The answer is to either switch to a different login prompt with [CTRL] + (Alt]
and a function key, or to run the command as follows: nohup burnP6 &.
This will run the burn command in the
background and allow you to continue typing into the terminal, and you can
enclose as many commands within 'nohup' and to run as many processes as you
wish. It's then a case of making sure your fire alarm is working and leaving
your system running for a day or two. If your PC survives, it’s in awesome
shape. If not, you'll need to look into buying extra cooling or power
provision.
Monitoring temperatures
All the burn-in tools we've covered are
great for stressing out your system, but they provide very little feedback.
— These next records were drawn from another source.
Lemma sign_twist_closed_const n w c (h1 h2 : nat -> M) :
  braid_word_ok n w -> closure_is_knot n w ->
  (forall q, (q < n)%N -> h1 q != 0) ->
  (forall q, (q < n)%N -> wlabels w h1 q = h1 q) ->
  (forall q, (q < n)%N -> wlabels w h2 q = h2 q) ->
  sign_twist n c h1 h2 -> sign_twist n (fun=> c 0%N) h1 h2.
Proof.
move=> ok [n0 onto] h1_neq0 h1_closed h2_closed tw.
have [c_sign h2_twist] := tw; have [_ labels_twist] := wlabels_twist ok tw.
have c_inv q : (q < n)%N -> c (braid_perm_inv w q) = c q.
  move=> hq; have := labels_twist q hq.
  rewrite h1_closed // h2_closed // h2_twist // => /eqP.
  rewrite -subr_eq0 -scalerBl scaler_eq0 (negbTE (h1_neq0 q hq)) orbF subr_eq0.
  by move=> /eqP ->.
have c_step p : (p < n)%N -> c (braid_perm w p) = c p.
  by move=> hp; rewrite -[in RHS](braid_permK w p) c_inv // braid_perm_lt.
have c_orbit j : c (iter j (braid_perm w) 0%N) = c 0%N.
  by elim: j => [//|j IH] /=; rewrite c_step ?iter_braid_perm_lt.
split=> [_|q hq]; first exact: c_sign.
by have [j ej] := onto q hq; rewrite h2_twist // -ej c_orbit.
Qed.

Lemma longitude_img_lift_unique n w (a h1 h2 : nat -> M) :
  braid_word_ok n w -> closure_is_knot n w -> psl_rep n w a ->
  sl_lift n w a h1 -> sl_lift n w a h2 ->
  longitude_img n w h2 = longitude_img n w h1.
Proof.
move=> ok kn rep lift1 lift2.
have [[h1_pm h1_closed] [h2_pm h2_closed]] := (lift1, lift2).
have h1_neq0 q : (q < n)%N -> h1 q != 0.
  by move=> hq; rewrite det1_neq0 // (sl_lift_det rep lift1).
have [c tw] : exists c, sign_twist n c h1 h2.
  apply: sign_twist_of_pm => q hq.
  by case: (h1_pm q hq) => ->; case: (h2_pm q hq) => ->; rewrite ?opprK; tauto.
have := sign_twist_closed_const ok kn h1_neq0 h1_closed h2_closed tw.
exact: longitude_twist_const.
Qed.

Lemma sl_lift_opp n w (a h : nat -> M) : braid_word_ok n w ->
  sl_lift n w a h -> sl_lift n w a (fun q => - h q).
Proof.
move=> ok [h_pm h_closed].
have tw : sign_twist n (fun=> -1) h (fun q => - h q).
  by split=> [_|q _]; [right | rewrite scaleN1r].
split=> [q hq|q hq]; first by case: (h_pm q hq) => ->; rewrite ?opprK; tauto.
by rewrite ((wlabels_twist ok tw).2 q hq) h_closed // scaleN1r.
Qed.

Lemma mxtrace_in_P (U : M) : in_P U -> \tr U = 2%:R.
Proof.
case=> _ [U00 U11]; rewrite /mxtrace big_ord_recl big_ord1.
have -> : lift ord0 ord0 = 1 :> 'I_2 by apply/val_inj.
by rewrite U00 U11.
Qed.
Lemma n_comp_imset (aT : finType) e (f : T -> aT) : connect_sym e ->
  (forall x y, connect e x y = (f x == f y)) -> n_comp e T = #|f @: T|.
Proof.
move=> sym_e connect_f.
have -> : f @: T = f @: [set x | roots e x].
  apply/setP => w; apply/imsetP/imsetP => [[x _ ->]|[x _ ->]]; last by exists x.
  exists (fingraph.root e x); first by rewrite inE roots_root.
  by apply/eqP; rewrite -connect_f connect_root.
rewrite card_in_imset; first by apply: eq_card => x; rewrite !inE andbT.
move=> x y; rewrite !inE => /eqP rx /eqP ry /eqP.
by rewrite -connect_f -(root_connect sym_e) rx ry => /eqP.
Qed.

Lemma n_comp_connected e (x : T) : connect_sym e ->
  (forall y, connect e x y) -> n_comp e T = 1%N.
Proof.
move=> sym_e conn_x; rewrite -(n_comp_connect sym_e x).
by apply: eq_n_comp_r => y; rewrite !inE conn_x.
Qed.

Lemma n_comp_rel0 : n_comp [rel x y : T | false] T = #|T|.
Proof.
have conn_eq x y : connect [rel x y : T | false] x y = (id x == id y).
  by apply/idP/eqP => [/connectP[[|z p] //= _ ->] | ->].
by rewrite (n_comp_imset (sym_connect_sym _) conn_eq) // card_imset.
Qed.

Definition rel_with e S : rel T := fun x y => ([set x; y] \in S) || e x y.

Lemma rel_with0 e : rel_with e set0 =2 e.
Proof. by move=> x y; rewrite /rel_with in_set0. Qed.
(* Let $\Gamma$ be a connected finite simplicial graph with at least three vertices. Suppose there is a collection $\mathcal{G}$ of induced subgraphs $\Delta\subset\Gamma$ satisfying both of the following: (1) for each $\Delta\in\mathcal{G}$, $A(\Delta)$ has property $\mathbf{F}(\mathcal{H})$; (2) each two-edge segment of $\Gamma$ is contained in some $\Delta\in\mathcal{G}$. Then $A(\Gamma)$ has property $\mathbf{F}(\mathcal{H})$, where $\mathcal{H}=\{F_2,\mathbb{Z}^2\}$.
   Context: $A(\Gamma)$ is the right-angled Artin group of $\Gamma$: it is generated by the vertices of $\Gamma$, with relations that adjacent vertices commute. For an induced subgraph $\Delta$, $A(\Delta)$ is the subgroup generated by the vertices of $\Delta$. A subgraph is induced if it contains every edge of $\Gamma$ between two of its vertices. A two-edge segment is a subgraph consisting of vertices $u,v,w$ with $u\ne w$, an edge $uv$ and an edge $vw$. All actions on trees are simplicial and without inversions. A group $G$ has property $\mathbf{F}(\mathcal{H})$ if, whenever $G$ acts on a tree, either there is a global fixed point or some subgroup of $G$ isomorphic to $F_2$ or to $\mathbb{Z}^2$ fixes an edge. *)

From mathcomp Require Import all_boot.
From Stdlib Require Import ZArith List.

Set Implicit Arguments.
Unset Strict Implicit.
Unset Printing Implicit Defensive.

Record grp := Grp {
  gcar :> Type;
  gmul : gcar -> gcar -> gcar;
  gone : gcar;
  ginv : gcar -> gcar;
  gmulA : forall x y z, gmul x (gmul y z) = gmul (gmul x y) z;
  gmul1 : forall x, gmul gone x = x;
  gmulV : forall x, gmul (ginv x) x = gone }.

Definition is_hom (G H : grp) (phi : G -> H) : Prop :=
  forall x y, phi (gmul x y) = gmul (phi x) (phi y).

Fixpoint gpow (G : grp) (g : G) (n : nat) : G :=
  match n with O => gone G | S n' => gmul g (gpow g n') end.

Definition zpow (G : grp) (g : G) (z : Z) : G :=
  if (z <? 0)%Z then ginv (gpow g (Z.abs_nat z)) else gpow g (Z.abs_nat z).

Inductive gen (G : grp) (S : G -> Prop) : G -> Prop :=
  | gen_in x : S x -> gen S x
  | gen_one : gen S (gone G)
  | gen_mul x y : gen S x -> gen S y -> gen S (gmul x y)
  | gen_inv x : gen S x -> gen S (ginv x).

(* words in a, b: a letter is (is_b, inverted) *)
Definition letter_val (G : grp) (a b : G) (l : bool * bool) : G :=
  let g := if l.1 then b else a in if l.2 then ginv g else g.

Fixpoint word_val (G : grp) (a b : G) (w : list (bool * bool)) : G :=
  match w with nil => gone G | l :: w' => gmul (letter_val a b l) (word_val a b w') end.

Fixpoint reduced_word (w : list (bool * bool)) : Prop :=
  match w with
  | l1 :: ((l2 :: _) as w') => ~ (l1.1 = l2.1 /\ l1.2 = negb l2.2) /\ reduced_word w'
  | _ => True
  end.

(* a, b freely generate the subgroup <a,b>, i.e. <a,b> is isomorphic to F_2
   via the basis a, b *)
Definition free_pair (G : grp) (a b : G) : Prop :=
  forall w, w <> nil -> reduced_word w -> word_val a b w <> gone G.

(* a, b form a basis of <a,b> as a free abelian group, i.e. <a,b> ~= Z^2 *)
Definition free_abelian_pair (G : grp) (a b : G) : Prop :=
  gmul a b = gmul b a /\
  forall m n : Z, gmul (zpow a m) (zpow b n) = gone G -> m = 0%Z /\ n = 0%Z.

Fixpoint chain (T : Type) (E : T -> T -> Prop) (x : T) (l : list T) : Prop :=
  match l with nil => True | y :: l' => E x y /\ chain E y l' end.

Definition is_tree (T : Type) (E : T -> T -> Prop) : Prop :=
  inhabited T /\
  (forall x y, E x y -> E y x) /\
  (forall x, ~ E x x) /\
  (forall x y, exists l, chain E x l /\ List.last l x = y) /\
  ~ (exists x l, 2 <= List.length l /\ List.NoDup (x :: l) /\ chain E x l /\
                 E (List.last l x) x).

(* act restricted to the subgroup S is a simplicial action without inversions *)
Definition tree_action (G : grp) (S : G -> Prop) (T : Type) (E : T -> T -> Prop)
    (act : G -> T -> T) : Prop :=
  (forall x, act (gone G) x = x) /\
  (forall g h x, S g -> S h -> act (gmul g h) x = act g (act h x)) /\
  (forall g x y, S g -> (E x y <-> E (act g x) (act g y))) /\
  (forall g x y, S g -> E x y -> ~ (act g x = y /\ act g y = x)).

Definition property_F (G : grp) (S : G -> Prop) : Prop :=
  forall (T : Type) (E : T -> T -> Prop) (act : G -> T -> T),
    is_tree E -> tree_action S E act ->
    (exists x, forall g, S g -> act g x = x) \/
    (exists a b x y, S a /\ S b /\ E x y /\
       (free_pair a b \/ free_abelian_pair a b) /\
       act a x = x /\ act a y = y /\ act b x = x /\ act b y = y).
This is because most people will monitor the state of their systems using
different methods. The best way on Linux is to install a package called
'lm-sensors'.
There
are many graphical front-ends to 'sensors'. Just search through your distros
package manager and try a few. This one is KDE's KSysGuard
This will then give you access to a script
called 'sensors-detect', which you'll need to run from the command line with
system administrator privileges -type sudo sensors-detect from the Ubuntu
terminal, for example. You'll then be asked a series of questions -these are
the same questions asked by the StressLinux distribution, because it’s
configuringthe sensors package for you. You can mostly leave the questions at
theirdefaultvalues, and sensors-detect will go off and attempt to discover the
various sensors within your system. The final question will ask whether the
tool can create a configuration file. Say'Yes', and everything should be
configured. Now, when you type sensors as an ordinary user, you'll see a table
containing the various readings for your hardware, and you'll be able to
monitor the effect your stress testing is having on your system.